Using log files for SEO analysis is a great way to uncover issues that you may have otherwise missed. This is because, unlike third party spiders, they allow you to see exactly how Googlebot is crawling a site.
If you’re an SEO professional looking to carry out your own log file analysis, then the chances are you’ll have to request the files through your own, or your clients, dev team. However, what you get back can vary widely depending on the servers configuration, and whether or not the developers were willing to extract Googlebot from the raw logs.
Whenever I go through this process at work, my standard request is for around 100k Googlebot requests. On smaller sites, I recommend pulling 2-4 weeks worth of logs; on larger sites, 5-7 days is usually sufficient.
Occasionally, the developers will be nice enough to perform a GREP to extract Googlebot from the raw files. Most of the time, however, they’ll just send them over as is:
If you end up in this scenario and you’re a Mac user, then you’re in luck — Mac is a UNIX based operating system so you can perform a GREP using its version of the terminal; if you’re on Windows like myself, then you’re either going to need to use an emulator like Cygwin, third party software like Gamut, or the Windows CMD line.
Luckily, Windows CMD line does have the functionality to extract text, through a function called Findstr.
As an initial step, head over to the start menu and perform a search for ‘CMD’. Click it to load up the command line (effectively a text based interface for your operating system). You’ll see something like this:
For ease of use, create a folder in the location that is indicated within the interface (in this instance C:\Users\Will) and place the log files within it. Use the ‘CD’ command to access the folder you created. E.g.
Next, you can run the following command:
findstr “Googlebot” *.log > export.csv
This will search all of the .log files in the folder and extract all of the instances of Googlebot into one file that you can open in excel. When it’s completed processing you’ll be shown a fresh line in the command prompt; on larger batches this may take some time to complete.
Why would you use this over something like Gamut with a graphical user interface?
Mainly because it’s free and actually usually ends up being quicker.
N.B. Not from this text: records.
(* Let $n\ge2$, $\mathbf{q}\in\mathbb{R}^n$ and $1/n<t<1$. For $z\in\mathbb{R}$ let $\mathbf{v}(z)\in\mathbb{R}^n$ have entries $\mathbf{v}_i(z)=\max(0,\mathbf{q}_i-z)$ and let $$h(z)=\begin{cases}\sqrt t\,\|\mathbf{v}(z)\|_2+z & \text{if } z<\max_i\mathbf{q}_i,\\ z & \text{otherwise.}\end{cases}$$ Then $h$ is convex, attains its minimum on $\mathbb{R}$, and $$\max_{\mathbf{p}\in P(t)}\mathbf{p}\cdot\mathbf{q}=\min_{z\in\mathbb{R}}h(z).$$ Moreover, if $z^*$ is a minimizer of $h$ with $z^*<\max_i\mathbf{q}_i$, then $\mathbf{p}^*=\sqrt t\,\mathbf{v}(z^* )/\|\mathbf{v}(z^* )\|_2$ is a maximizer of $\mathbf{p}\cdot\mathbf{q}$ over $P(t)$; if $z^*=\max_i\mathbf{q}_i$ is a minimizer, then the vector $\mathbf{p}^*$ with $\mathbf{p}^*_i=1/|S|$ for $i\in S=\{i:\mathbf{q}_i=\max_j\mathbf{q}_j\}$ and $\mathbf{p}^*_i=0$ otherwise is a maximizer.
   Context: $P(t)=\{\mathbf{p}\in\mathbb{R}^n:\mathbf{p}\ge0,\ \sum_i\mathbf{p}_i=1,\ \mathbf{p}\cdot\mathbf{p}\le t\}$. *)

From HB Require Import structures.
From mathcomp Require Import all_boot all_order all_algebra.
From mathcomp Require Import reals.
Set Implicit Arguments. Unset Strict Implicit. Unset Printing Implicit Defensive.
Import Order.TTheory GRing.Theory Num.Theory.
Local Open Scope ring_scope.

Definition dotp (R : realType) (n : nat) (p q : 'I_n -> R) : R :=
  \sum_(i < n) p i * q i.

Definition Pt (R : realType) (n : nat) (t : R) (p : 'I_n -> R) : Prop :=
  (forall i, 0 <= p i) /\ \sum_(i < n) p i = 1 /\ dotp p p <= t.

Definition vz (R : realType) (n : nat) (q : 'I_n -> R) (z : R) : 'I_n -> R :=
  fun i => Num.max 0 (q i - z).

Definition norm2 (R : realType) (n : nat) (x : 'I_n -> R) : R :=
  Num.sqrt (dotp x x).

(* max_i q_i (meaningful for n >= 1; the seed q (inord 0) is one of the entries) *)
Definition qmax (R : realType) (n : nat) (q : 'I_n.+1 -> R) : R :=
  \big[Num.max/q ord0]_(i < n.+1) q i.

Definition hfun (R : realType) (n : nat) (t : R) (q : 'I_n.+1 -> R) (z : R) : R :=
  if z < qmax q then Num.sqrt t * norm2 (vz q z) + z else z.

Definition convex_on_R (R : realType) (f : R -> R) : Prop :=
  forall (x y lam : R), 0 <= lam <= 1 ->
    f (lam * x + (1 - lam) * y) <= lam * f x + (1 - lam) * f y.

Definition is_max_on_Pt (R : realType) (n : nat) (t : R) (q p : 'I_n -> R) : Prop :=
  Pt t p /\ forall p', Pt t p' -> dotp p' q <= dotp p q.

From HB Require Import structures.
From mathcomp Require Import all_boot all_order all_algebra.
From mathcomp Require Import reals.
From mathcomp Require Import ring lra.
From mathcomp Require Import all_classical all_analysis.
Set Implicit Arguments. Unset Strict Implicit. Unset Printing Implicit Defensive.
Import Order.TTheory GRing.Theory Num.Theory.
Import numFieldNormedType.Exports.
Local Open Scope ring_scope.

(* Weak duality: for [p] in [P(t)], Cauchy-Schwarz gives
   [p.q = p.(q - z) + z <= p.v(z) + z <= |p| |v(z)| + z <= sqrt t |v(z)| + z = h(z)],
   so a feasible [p] and a [z] with [p.q = h(z)] are optimal on both sides.  Such a
   pair comes from a minimiser [z] of [h], which exists because [h] is continuous,
   equals [z] beyond [max q], and grows like [(sqrt (t n) - 1) |z|] at [-oo].  If
   [z < max q], comparing [h z] with [h (z + d)] for all [d] yields a quadratic in [d]
   whose discriminant forces [sqrt t * sum v(z) = |v(z)|], i.e. the normalised
   [sqrt t v(z) / |v(z)|] is a probability vector.  If [z = max q], comparing with
   [h (max q - eps)] for a small [eps] forces [t |S| >= 1], which makes the uniform
   vector on [S] feasible. *)

Lemma quadratic_ge0_discr (R : realFieldType) (a b c : R) :
  0 < c -> (forall d, 0 <= a + 2 * b * d + c * d ^+ 2) -> b ^+ 2 <= a * c.
Proof.
move=> c_gt0 /(_ (- b / c)).
have -> : a + 2 * b * (- b / c) + c * (- b / c) ^+ 2 = (a * c - b ^+ 2) / c.
  by field; rewrite gt_eqF.
by rewrite pmulr_lge0 ?invr_gt0 // subr_ge0.
Qed.

Section Euclidean.
Variables (R : realType) (n : nat).
Implicit Types a b : 'I_n -> R.

Lemma dotpp_ge0 a : 0 <= dotp a a.
Proof. by rewrite sumr_ge0 // => i _; rewrite -expr2 sqr_ge0. Qed.

Lemma dotpp_eq0 a : dotp a a = 0 -> forall i, a i = 0.
Proof.
move=> /eqP; rewrite psumr_eq0 => [/allP a0 i|i _]; last by rewrite -expr2 sqr_ge0.
by apply/eqP; have := a0 i (mem_index_enum _); rewrite /= mulf_eq0 orbb.
Qed.

Lemma dotp_lincomb a b l m :
  dotp (fun i => l * a i + m * b i) (fun i => l * a i + m * b i) =
  l ^+ 2 * dotp a a + 2 * l * m * dotp a b + m ^+ 2 * dotp b b.
Proof.
rewrite /dotp !mulr_sumr -!big_split /=.
by apply: eq_bigr => i _; ring.
Qed.

Lemma cauchy_schwarz a b : dotp a b ^+ 2 <= dotp a a * dotp b b.
Proof.
have [bb0|] := eqVneq (dotp b b) 0.
  by rewrite bb0 mulr0 /dotp big1 ?expr0n // => i _; rewrite (dotpp_eq0 bb0) mulr0.
rewrite neq_lt ltNge dotpp_ge0 /= => bb_gt0.
apply: quadratic_ge0_discr bb_gt0 _ => d.
have := dotpp_ge0 (fun i => 1 * a i + d * b i).
by rewrite dotp_lincomb expr1n mul1r mulr1 [2 * d * _]mulrAC [d ^+ 2 * _]mulrC.
Qed.

Lemma norm2_ge0 a : 0 <= norm2 a.
Proof. exact: sqrtr_ge0. Qed.

Lemma norm2_sqr a : norm2 a ^+ 2 = dotp a a.
Proof. by rewrite sqr_sqrtr // dotpp_ge0. Qed.

Lemma dotp_le_norm2 a b : dotp a b <= norm2 a * norm2 b.
Proof.
rewrite (le_trans (ler_norm _)) // -sqrtr_sqr -sqrtrM ?dotpp_ge0 //.
exact/ler_wsqrtr/cauchy_schwarz.
Qed.

Lemma norm2_le a b : (forall i, 0 <= a i <= b i) -> norm2 a <= norm2 b.
Proof.
move=> ab; apply/ler_wsqrtr/ler_sum => i _.
by have /andP[a_ge0 a_le] := ab i; rewrite ler_pM.
Qed.

Lemma norm2_cst (c : R) : 0 <= c -> norm2 (fun _ : 'I_n => c) = Num.sqrt n%:R * c.
Proof.
move=> c_ge0; rewrite /norm2 /dotp sumr_const card_ord -[_ *+ n]mulr_natl.
by rewrite sqrtrM ?ler0n // -expr2 sqrtr_sqr ger0_norm.
Qed.

Lemma norm2_sublinear a b l m : 0 <= l -> 0 <= m ->
  norm2 (fun i => l * a i + m * b i) <= l * norm2 a + m * norm2 b.
Proof.
move=> l_ge0 m_ge0; set r := l * norm2 a + m * norm2 b.
have r_ge0 : 0 <= r by rewrite addr_ge0 // mulr_ge0 // norm2_ge0.
rewrite -(ger0_norm r_ge0) -sqrtr_sqr ler_wsqrtr // dotp_lincomb -!norm2_sqr.
have -> : r ^+ 2 = l ^+ 2 * norm2 a ^+ 2 + 2 * l * m * (norm2 a * norm2 b)
                   + m ^+ 2 * norm2 b ^+ 2 by rewrite /r; ring.
by rewrite lerD2r lerD2l ler_wpM2l ?dotp_le_norm2 // !mulr_ge0.
Qed.

Lemma continuous_sum (I : Type) (s : seq I) (f : I -> R -> R) :
  (forall i, continuous (f i)) -> continuous (fun z => \sum_(i <- s) f i z).
Proof.
move=> f_cont; elim: s => [|i s IHs].
  under eq_fun do rewrite big_nil.
  exact: cst_continuous.
under eq_fun do rewrite big_cons.
by move=> z; apply: continuousD; [exact: f_cont | exact: IHs].
Qed.

Lemma continuous_norm2 (f : 'I_n -> R -> R) :
  (forall i, continuous (f i)) -> continuous (fun z => norm2 (fun i => f i z)).
Proof.
move=> f_cont z; apply: (@continuous_comp _ _ _ (fun z => dotp (f^~ z) (f^~ z))).
  by apply: continuous_sum => i x; apply: continuousM; exact: f_cont.
exact: (@sqrt_continuous R).
Qed.

End Euclidean.

Section Hinge.
Variables (R : realType) (n : nat) (q : 'I_n -> R).

Lemma vzE z i : vz q z i = if z <= q i then q i - z else 0.
Proof. by rewrite /vz -subr_ge0; case: leP. Qed.

Lemma vz_ge0 z i : 0 <= vz q z i.
Proof. by rewrite /vz le_max lexx. Qed.

Lemma vz_ge z i : q i - z <= vz q z i.
Proof. by rewrite /vz le_max lexx orbT. Qed.

Lemma vz_sqr z i : vz q z i * vz q z i = vz q z i * (q i - z).
Proof. by rewrite vzE; case: ifP; rewrite ?mul0r. Qed.

Lemma vz_convex z1 z2 l i : 0 <= l <= 1 ->
  vz q (l * z1 + (1 - l) * z2) i <= l * vz q z1 i + (1 - l) * vz q z2 i.
Proof.
move=> /andP[l_ge0 l_le1]; have l'_ge0 : 0 <= 1 - l by rewrite subr_ge0.
rewrite /vz ge_max addr_ge0 ?mulr_ge0 ?vz_ge0 //=.
have -> : q i - (l * z1 + (1 - l) * z2) = l * (q i - z1) + (1 - l) * (q i - z2).
  by ring.
by rewrite lerD ?ler_wpM2l ?vz_ge.
Qed.

Lemma vz_shift_sqr z d i : vz q (z + d) i ^+ 2 <= (vz q z i - d) ^+ 2.
Proof.
rewrite [X in X ^+ 2 <= _]vzE; case: ifP => [zd_le|_]; last by rewrite expr0n sqr_ge0.
rewrite !expr2 ler_pM // ?subr_ge0 // opprD addrA lerD2r.
  exact: vz_ge.
all: by rewrite (le_trans _ (vz_ge z i)) // lerBrDr -addrA addrC.
Qed.

Lemma norm2_vz_shift z d :
  norm2 (vz q (z + d)) ^+ 2 <=
  norm2 (vz q z) ^+ 2 - 2 * d * \sum_i vz q z i + n%:R * d ^+ 2.
Proof.
rewrite !norm2_sqr; apply: (le_trans (y := \sum_i (vz q z i - d) ^+ 2)).
  by apply: ler_sum => i _; rewrite -expr2 vz_shift_sqr.
rewrite (eq_bigr (fun i => vz q z i * vz q z i - 2 * d * vz q z i + d ^+ 2));
  last by move=> i _; ring.
by rewrite !big_split /= sumrN -mulr_sumr sumr_const card_ord -[_ *+ n]mulr_natl.
Qed.

Lemma continuous_vz i : continuous (fun z => vz q z i).
Proof.
move=> z; have cst0 : {for z, continuous (fun _ : R => 0 : R)}.
  exact: cst_continuous.
have qiB : {for z, continuous (fun z : R => q i - z)}.
  by apply: continuousB; [exact: cst_continuous | exact: cvg_id].
exact: continuous_max cst0 qiB.
Qed.

End Hinge.

Section Duality.
Variables (R : realType) (n : nat) (t : R) (q : 'I_n.+1 -> R).

Local Notation M := (qmax q).
Local Notation h := (hfun t q).

Definition scaled_vz (z : R) : 'I_n.+1 -> R :=
  fun i => Num.sqrt t * vz q z i / norm2 (vz q z).

Definition unif_argmax : 'I_n.+1 -> R :=
  fun i => if q i == M then (#|[set j | q j == M]|%:R)^-1 else 0.

Lemma qmax_ge i : q i <= M.
Proof. exact: le_bigmax. Qed.

Lemma qmax_attained : exists i, q i = M.
Proof.
apply: (big_ind (fun x => exists i, q i = x)) => [|x y [i <-] [j <-]|i _].
- by exists ord0.
- by case: leP => _; [exists j | exists i].
- by exists i.
Qed.

Lemma hfun_id z : M <= z -> h z = z.
Proof. by rewrite /hfun leNgt => /negbTE ->. Qed.

Lemma hfunE z : h z = Num.sqrt t * norm2 (vz q z) + z.
Proof.
rewrite /hfun; case: ltP => // Mz.
suff -> : vz q z = fun=> 0 by rewrite norm2_cst // mulr0 mulr0 add0r.
apply/funext => i; rewrite /vz; apply/max_idPl.
by rewrite subr_le0 (le_trans (qmax_ge i)).
Qed.

Lemma hfun_convex : 0 <= t -> convex_on_R h.
Proof.
move=> t_ge0 x y l /[dup] l01 /andP[l_ge0 l_le1]; rewrite !hfunE.
have l'_ge0 : 0 <= 1 - l by rewrite subr_ge0.
have norm_convex : norm2 (vz q (l * x + (1 - l) * y)) <=
    l * norm2 (vz q x) + (1 - l) * norm2 (vz q y).
  apply: le_trans (norm2_sublinear _ _ l_ge0 l'_ge0).
  by apply: norm2_le => i; rewrite vz_ge0 vz_convex.
have := ler_wpM2l (sqrtr_ge0 t) norm_convex; lra.
Qed.

Lemma continuous_hfun : continuous h.
Proof.
rewrite (funext hfunE) => z.
have cst_t : {for z, continuous (fun=> Num.sqrt t)} by exact: cst_continuous.
have norm_vz : {for z, continuous (fun z => norm2 (vz q z))}.
  by apply: continuous_norm2 => i; exact: continuous_vz.
exact: continuousD (continuousM cst_t norm_vz) cvg_id.
Qed.

Lemma hfun_coercive : 0 <= t -> 1 < t * n.+1%:R ->
  exists2 a, a <= M & forall z, z <= a -> M <= h z.
Proof.
move=> t_ge0 tn_gt1; set L := \big[Num.min/q ord0]_i q i.
have L_le i : L <= q i by exact: bigmin_le.
have LM : L <= M := le_trans (L_le ord0) (qmax_ge ord0).
set c := Num.sqrt (t * n.+1%:R).
have c_gt1 : 1 < c by rewrite -sqrtr1 ltr_sqrt // (lt_trans ltr01).
have shift_ge0 : 0 <= (M - L) / (c - 1) by rewrite divr_ge0 ?subr_ge0 // ltW.
exists (L - (M - L) / (c - 1)) => [|z za]; first lra.
have zL : z <= L by lra.
have gap : M - L <= (L - z) * (c - 1).
  by rewrite -ler_pdivrMr ?subr_gt0 //; lra.
have norm_ge : Num.sqrt n.+1%:R * (L - z) <= norm2 (vz q z).
  rewrite -norm2_cst ?subr_ge0 //; apply: norm2_le => i.
  by rewrite subr_ge0 zL (le_trans _ (vz_ge q z i)) // lerD2r.
have : c * (L - z) <= Num.sqrt t * norm2 (vz q z).
  by rewrite /c sqrtrM // -mulrA ler_wpM2l ?sqrtr_ge0.
rewrite hfunE; nra.
Qed.

Lemma hfun_attains_min : 0 <= t -> 1 < t * n.+1%:R ->
  exists z, forall z', h z <= h z'.
Proof.
move=> t_ge0 tn_gt1; have [a aM coercive] := hfun_coercive t_ge0 tn_gt1.
have h_cont : {within `[a, M], continuous h}%classic.
  by apply: continuous_subspaceT; exact: continuous_hfun.
have [z _ zmin] := EVT_min aM h_cont.
have zM : h z <= M by rewrite -[leRHS](hfun_id (lexx M)) zmin // in_itv /= aM lexx.
exists z => z'; have [z'a|az'] := leP z' a; first exact: le_trans zM (coercive _ z'a).
have [z'M|Mz'] := leP z' M; first by rewrite zmin // in_itv /= z'M ltW.
by rewrite [h z']hfun_id ?ltW //; lra.
Qed.

Lemma dotp_le_hfun p z : Pt t p -> dotp p q <= h z.
Proof.
move=> [p_ge0 [p_sum1 pp_le]]; rewrite hfunE.
have -> : dotp p q = dotp p (fun i => q i - z) + z * \sum_i p i.
  by rewrite /dotp mulr_sumr -big_split; apply: eq_bigr => i _ /=; ring.
rewrite p_sum1 mulr1 lerD2r.
have p_vz : dotp p (fun i => q i - z) <= dotp p (vz q z).
  by apply: ler_sum => i _; rewrite ler_wpM2l ?vz_ge.
have p_norm : norm2 p <= Num.sqrt t by apply: ler_wsqrtr.
apply: (le_trans p_vz); apply: (le_trans (dotp_le_norm2 p (vz q z))).
by rewrite ler_wpM2r ?norm2_ge0.
Qed.

Lemma optimal_of_dotp_eq_hfun p z : Pt t p -> dotp p q = h z ->
  (forall z', h z <= h z') /\ is_max_on_Pt t q p.
Proof.
move=> pP pq; split=> [z'|]; first by rewrite -pq dotp_le_hfun.
by split=> // p' p'P; rewrite pq dotp_le_hfun.
Qed.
Additionally, any graphical interface requires some form of processing power, which can cause it to hang on very large files.
What if i’m not using logs?
Although this is primarily aimed at logs, you can use it for any form of text extraction. Ever wanted to merged a load of CSV files when doing link analysis/prospecting? Put them in the same folder and run the following command:
copy *.csv export.csv
My logs were zipped and have extracted in multiple folders?
Go to the folder where you extracted them all to. Run the same CMD but include /s before “Googlebot”